RapidMiner enables building multiple predictive models and weighing the unique, pipeline-related trade-offs of each.

The company has a large volume of data available for use in building predictive models. Data about the pipeline itself is the starting point – the specific design, the diameter of pipes, pipe wall thickness, the metallurgy of the pipes, how exactly they were welded, and much more. Geo-spatial data is also important, as it describes the areas the pipeline networks run through, including buildings, houses, roads, waterways, etc. This not only impacts the likelihood of failure, but also the damage that might be done should an incident occur. Data on the performance of the pipeline rounds out the set, covering leak surveys, pressure upsets, measures of water introduction into pipelines (which causes corrosion), and corrosion surveys. This data also includes the history of pipeline failures, which serves as the independent variable when building models.

But the data is not always ready for use in building models. In some cases, the company collects data to satisfy regulatory requirements – but the regulations don’t ask the company to do much with it. So, the consultants made heavy use of RapidMiner’s data prep functions to get the data in shape for modeling.

Once the data has been prepped, RapidMiner puts over a hundred different modelling approaches at users’ fingertips. They can quickly build multiple models and compare results and predictive power. The consultants make heavy use of RapidMiner’s confusion matrices to provide transparency into the performance of the different models, which is important given the unique nature of the work they’re doing.

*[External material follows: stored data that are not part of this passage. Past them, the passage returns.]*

(* Let $\{M_p\mid p\in P\}$ be a Morse decomposition of a multivector field on a finite simplicial complex $K$, let $f:K\to\mathbb R$ be Lyapunov for the Morse decomposition, and let $P_f$ and $P'_f$ be two $f$-compatible orders of $P$, with corresponding persistence modules $H(\mathbf F,P_f)$ and $H(\mathbf F',P'_f)$. Then $\mathrm{pers}(H(\mathbf F,P_f))=\mathrm{pers}(H(\mathbf F',P'_f))$.
   Context: $K$ is a finite simplicial complex; a multivector field $\mathcal V$ on $K$ is a partition of $K$ into convex sets $V$ (if $\sigma,\tau\in V$ and $\sigma\le\mu\le\tau$ in the face order then $\mu\in V$); $F_{\mathcal V}(\sigma)=[\sigma]_{\mathcal V}\cup\{\tau:\tau\le\sigma\}$ where $[\sigma]_{\mathcal V}$ is the part containing $\sigma$; a path is a sequence $\sigma_1,\dots,\sigma_r$ with $\sigma_k\in F_{\mathcal V}(\sigma_{k-1})$. A Morse decomposition indexed by a finite poset $(P,\le_P)$ is a partition $K=\bigsqcup_{p\in P}M_p$ such that every path from $M_p$ to $M_q$ has $q\le_P p$. Let $m=|P|$. $f:K\to\mathbb R$ is Lyapunov if $f$ is constant on each $M_p$, with value $f(p)$, and $p\le_P q\Rightarrow f(p)\le f(q)$. An $f$-compatible order $P_f$ is an enumeration $p_1,\dots,p_m$ of $P$ that is a linear extension of $\le_P$ with $f(p_1)\le\dots\le f(p_m)$. For such an order, $K_i=\bigsqcup_{j\le i}M_{p_j}$ is a subcomplex of $K$ and $H(\mathbf F,P_f)$ is the persistence module $H_*(C(K_1))\to\dots\to H_*(C(K_m))$ of simplicial homology over $\mathbb Z_2$ with inclusion-induced maps; $\mathbf F'$ is the same construction for $P'_f$. For such a module indexed by $p_1,\dots,p_m$, $\mathrm{pers}$ is the persistence diagram: decompose each homological degree into interval modules $[a,b]$, $1\le a\le b\le m$, and record for each the point $(f(p_a),f(p_{b+1}))$ with $f(p_{m+1}):=+\infty$, discarding points with $f(p_a)=f(p_{b+1})$; the result is a multiset of points per degree. *)

From HB Require Import structures.
From mathcomp Require Import all_boot all_order all_algebra.
From mathcomp Require Import reals.
Set Implicit Arguments. Unset Strict Implicit. Unset Printing Implicit Defensive.
Import Order.TTheory GRing.Theory Num.Theory.

Local Open Scope ring_scope.

Section Complexes.
Variable V : finType.

Definition simplicial_complex (K : {set {set V}}) : Prop :=
  set0 \notin K /\
  forall s t : {set V}, s \in K -> t \subset s -> t != set0 -> t \in K.

Definition multivector_field (K : {set {set V}}) (MV : {set {set {set V}}}) : Prop :=
  partition MV K /\
  forall B, B \in MV -> forall s t m : {set V},
    s \in B -> t \in B -> m \in K -> s \subset m -> m \subset t -> m \in B.

Definition Fv (K : {set {set V}}) (MV : {set {set {set V}}}) (s : {set V})
  : {set {set V}} :=
  pblock MV s :|: [set t in K | t \subset s].

Definition mv_path (K : {set {set V}}) (MV : {set {set {set V}}})
  (s : seq {set V}) : Prop :=
  s <> [::] /\ all (fun x => x \in K) s /\
  path (fun a b => b \in Fv K MV a) (head set0 s) (behead s).

Definition morse_decomposition (K : {set {set V}}) (MV : {set {set {set V}}})
  (d : Order.disp_t) (P : finPOrderType d) (M : P -> {set {set V}}) : Prop :=
  (\bigcup_(p : P) M p = K) /\
  (forall p q : P, p != q -> [disjoint M p & M q]) /\
  (forall (p q : P) (s : seq {set V}), mv_path K MV s ->
     head set0 s \in M p -> last set0 s \in M q -> (q <= p)%O).

Definition lyapunov (R : realType) (d : Order.disp_t) (P : finPOrderType d)
  (M : P -> {set {set V}}) (f : {set V} -> R) (fP : P -> R) : Prop :=
  (forall p s, s \in M p -> f s = fP p) /\
  (forall p q : P, (p <= q)%O -> fP p <= fP q).

(* f-compatible order: enumeration ord 0, ..., ord (m-1) of P (0-based:
   ord i is p_{i+1} of the paper) which is a linear extension of <=_P and
   along which fP is nondecreasing. *)
Definition f_compatible (R : realType) (d : Order.disp_t) (P : finPOrderType d)
  (fP : P -> R) (ord : 'I_#|P| -> P) : Prop :=
  bijective ord /\
  (forall i j : 'I_#|P|, (ord i <= ord j)%O -> (i <= j)%N) /\
  (forall i j : 'I_#|P|, (i <= j)%N -> fP (ord i) <= fP (ord j)).

(* K_{i+1} = union of M_{ord j}, j <= i  (0-based index i) *)
Definition Kfilt (d : Order.disp_t) (P : finPOrderType d)
  (M : P -> {set {set V}}) (ord : 'I_#|P| -> P) (i : nat) : {set {set V}} :=
  \bigcup_(j : 'I_#|P| | (j <= i)%N) M (ord j).

Definition chain := {ffun {set V} -> 'F_2}.

Definition is_nchain (n : nat) (L : {set {set V}}) (c : chain) : Prop :=
  forall s, c s != 0 -> s \in L /\ #|s| = n.+1.

(* boundary operator over Z_2 (zero in degree 0) *)
Definition bd (c : chain) : chain :=
  [ffun t : {set V} => if t == set0 then 0
     else \sum_(s : {set V} | (t \subset s) && (#|s| == #|t|.+1)) c s].

Definition is_cycle (n : nat) (L : {set {set V}}) (c : chain) : Prop :=
  is_nchain n L c /\ bd c = 0.

Definition is_boundary (n : nat) (L : {set {set V}}) (c : chain) : Prop :=
  exists c', is_nchain n.+1 L c' /\ bd c' = c.

End Complexes.

(* Bars are pairs (a, b) of 0-based indices with a <= b < m, i.e. the interval
   [a+1, b+1] of the paper.  Bar k is alive at (0-based) index i iff a <= i <= b. *)
Definition alive (bars : seq (nat * nat)) (k i : nat) : bool :=
  ((nth (0, 0) bars k).1 <= i <= (nth (0, 0) bars k).2)%N.

(* An interval decomposition of the degree-n persistence module
   H_n(K_1) -> ... -> H_n(K_m) (Z_2 coefficients, inclusion-induced maps),
   given explicitly as an isomorphism from the direct sum of the interval
   modules of the bars: z k i is a cycle representing the image in H_n(K_{i+1})
   of the generator of the k-th interval summand at index i.  The conditions say:
   - the representatives are cycles of K_{i+1};
   - the structure map sends the class of z k i to the class of z k (i+1) while
     the bar is alive, and to 0 when the bar dies;
   - for each i, the classes of the z k i (k alive at i) form a basis of
     H_n(K_{i+1}) (linearly independent modulo boundaries, and spanning). *)
Definition interval_decomposition (V : finType) (K : {set {set V}})
  (d : Order.disp_t) (P : finPOrderType d) (M : P -> {set {set V}})
  (ord : 'I_#|P| -> P) (n : nat) (bars : seq (nat * nat))
  (z : nat -> nat -> chain V) : Prop :=
  let L := Kfilt M ord in
  (forall k, (k < size bars)%N ->
     ((nth (0, 0) bars k).1 <= (nth (0, 0) bars k).2 < #|P|)%N) /\
  (forall k i, (k < size bars)%N -> alive bars k i -> is_cycle n (L i) (z k i)) /\
  (forall k i, (k < size bars)%N -> alive bars k i -> alive bars k i.+1 ->
     is_boundary n (L i.+1) (z k i - z k i.+1)) /\
  (forall k i, (k < size bars)%N -> alive bars k i -> ~~ alive bars k i.+1 ->
     (i.+1 < #|P|)%N -> is_boundary n (L i.+1) (z k i)) /\
  (forall i, (i < #|P|)%N -> forall S : {set 'I_(size bars)},
     (forall k, k \in S -> alive bars k i) ->
     is_boundary n (L i) (\sum_(k in S) z k i) -> S = set0) /\
  (forall i, (i < #|P|)%N -> forall c, is_cycle n (L i) c ->
     exists S : {set 'I_(size bars)},
       (forall k, k \in S -> alive bars k i) /\
       is_boundary n (L i) (c - \sum_(k in S) z k i)).

(* value f(p_{i+1}) for 0-based i; None stands for +infinity (i = m) *)
Definition fval (R : realType) (d : Order.disp_t) (P : finPOrderType d)
  (fP : P -> R) (ord : 'I_#|P| -> P) (i : nat) : option R :=
  match insub i : option 'I_#|P| with
  | Some j => Some (fP (ord j))
  | None => None
  end.

(* persistence diagram (as a multiset = seq up to permutation) of a barcode:
   bar [a,b] gives the point (f(p_a), f(p_{b+1})) (paper's 1-based indices),
   points on the diagonal are discarded. *)
Definition pers (R : realType) (d : Order.disp_t) (P : finPOrderType d)
  (fP : P -> R) (ord : 'I_#|P| -> P) (bars : seq (nat * nat))
  : seq (option R * option R) :=
  [seq x <- [seq (fval fP ord ab.1, fval fP ord ab.2.+1) | ab <- bars]
     | x.1 != x.2].

From mathcomp Require Import all_boot all_order all_algebra.
From mathcomp Require Import reals.
From Stdlib Require Import ClassicalEpsilon.
From mathcomp Require Import zify.
Set Implicit Arguments. Unset Strict Implicit. Unset Printing Implicit Defensive.
Import Order.TTheory GRing.Theory Num.Theory.

(* Both f-compatible orders list the same values f(p_1) <= ... <= f(p_m), and the
   indices carrying a given value form the same interval for both.  Hence the
   multiplicity of a point (x, y) of either diagram is an alternating sum of four
   numbers of bars alive across two indices t <= t' taken among the endpoints of
   these intervals.  At such an index the complex K_t is the union of the Morse
   sets on which f lies below a threshold, so it does not depend on the order;
   and the number of bars alive across t and t' depends only on K_t and K_t':
   it is the largest size of a family of n-cycles of K_t that stays independent
   modulo the boundaries of K_t' (the rank of H_n(K_t) -> H_n(K_t')). *)

Section Chains.
Variable V : finType.
Local Open Scope ring_scope.
Implicit Types (c : chain V) (L : {set {set V}}).

Lemma oppr_chain c : - c = c.
Proof. by apply/ffunP => s; rewrite ffunE oppr_pchar2 // pchar_Fp. Qed.

Lemma bdD c1 c2 : bd (c1 + c2) = bd c1 + bd c2.
Proof.
apply/ffunP => t; rewrite !ffunE; case: ifP => _; first by rewrite addr0.
by rewrite -big_split /=; apply: eq_bigr => s _; rewrite ffunE.
Qed.

Lemma bd0 : bd (0 : chain V) = 0.
Proof. by apply: (addrI (bd 0)); rewrite -bdD !addr0. Qed.

Lemma is_nchain0 k L : is_nchain k L 0.
Proof. by move=> s; rewrite ffunE eqxx. Qed.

When trying to predict potentially catastrophic gas leaks, the company needs to understand and make very deliberate choices when weighing the trade-offs between false positives, which might result in digging a hole to find a leak that isn’t there (costly, but not a big deal), and predictive misses which could result in not anticipating and fixing a leak (which could be very dangerous).

The Results

RapidMiner helped pinpoint the right repairs to make, proactively.

The impact of the consultants’ work using RapidMiner on the company’s asset integrity management is substantial. Better identifying the sections of the pipeline needing repair increases the chance of fixing leaks before they happen. This reduces the risk of significant property damage and, most importantly, loss of life.

But the impact of data science goes beyond these top-line concerns. It also helps the company with more day-to-day issues, such as optimizing the allocation of repair budget to the parts of the pipeline that need it most. This allows the company’s asset integrity management department to have a bigger impact without needing additional resources.

Looking beyond just regulatory compliance to assessing monetized risk in the pipeline, and applying data science to that need, means more efficient repair operations, more leaks prevented and fixed, a better bottom line, and less risk of catastrophic damage. It’s a win on every front. Every company with a network of any kind – other kinds of fuel pipelines, power grids, telecommunications networks, even roads and bridges – should take note, as they could use data science in the same way with similar benefits.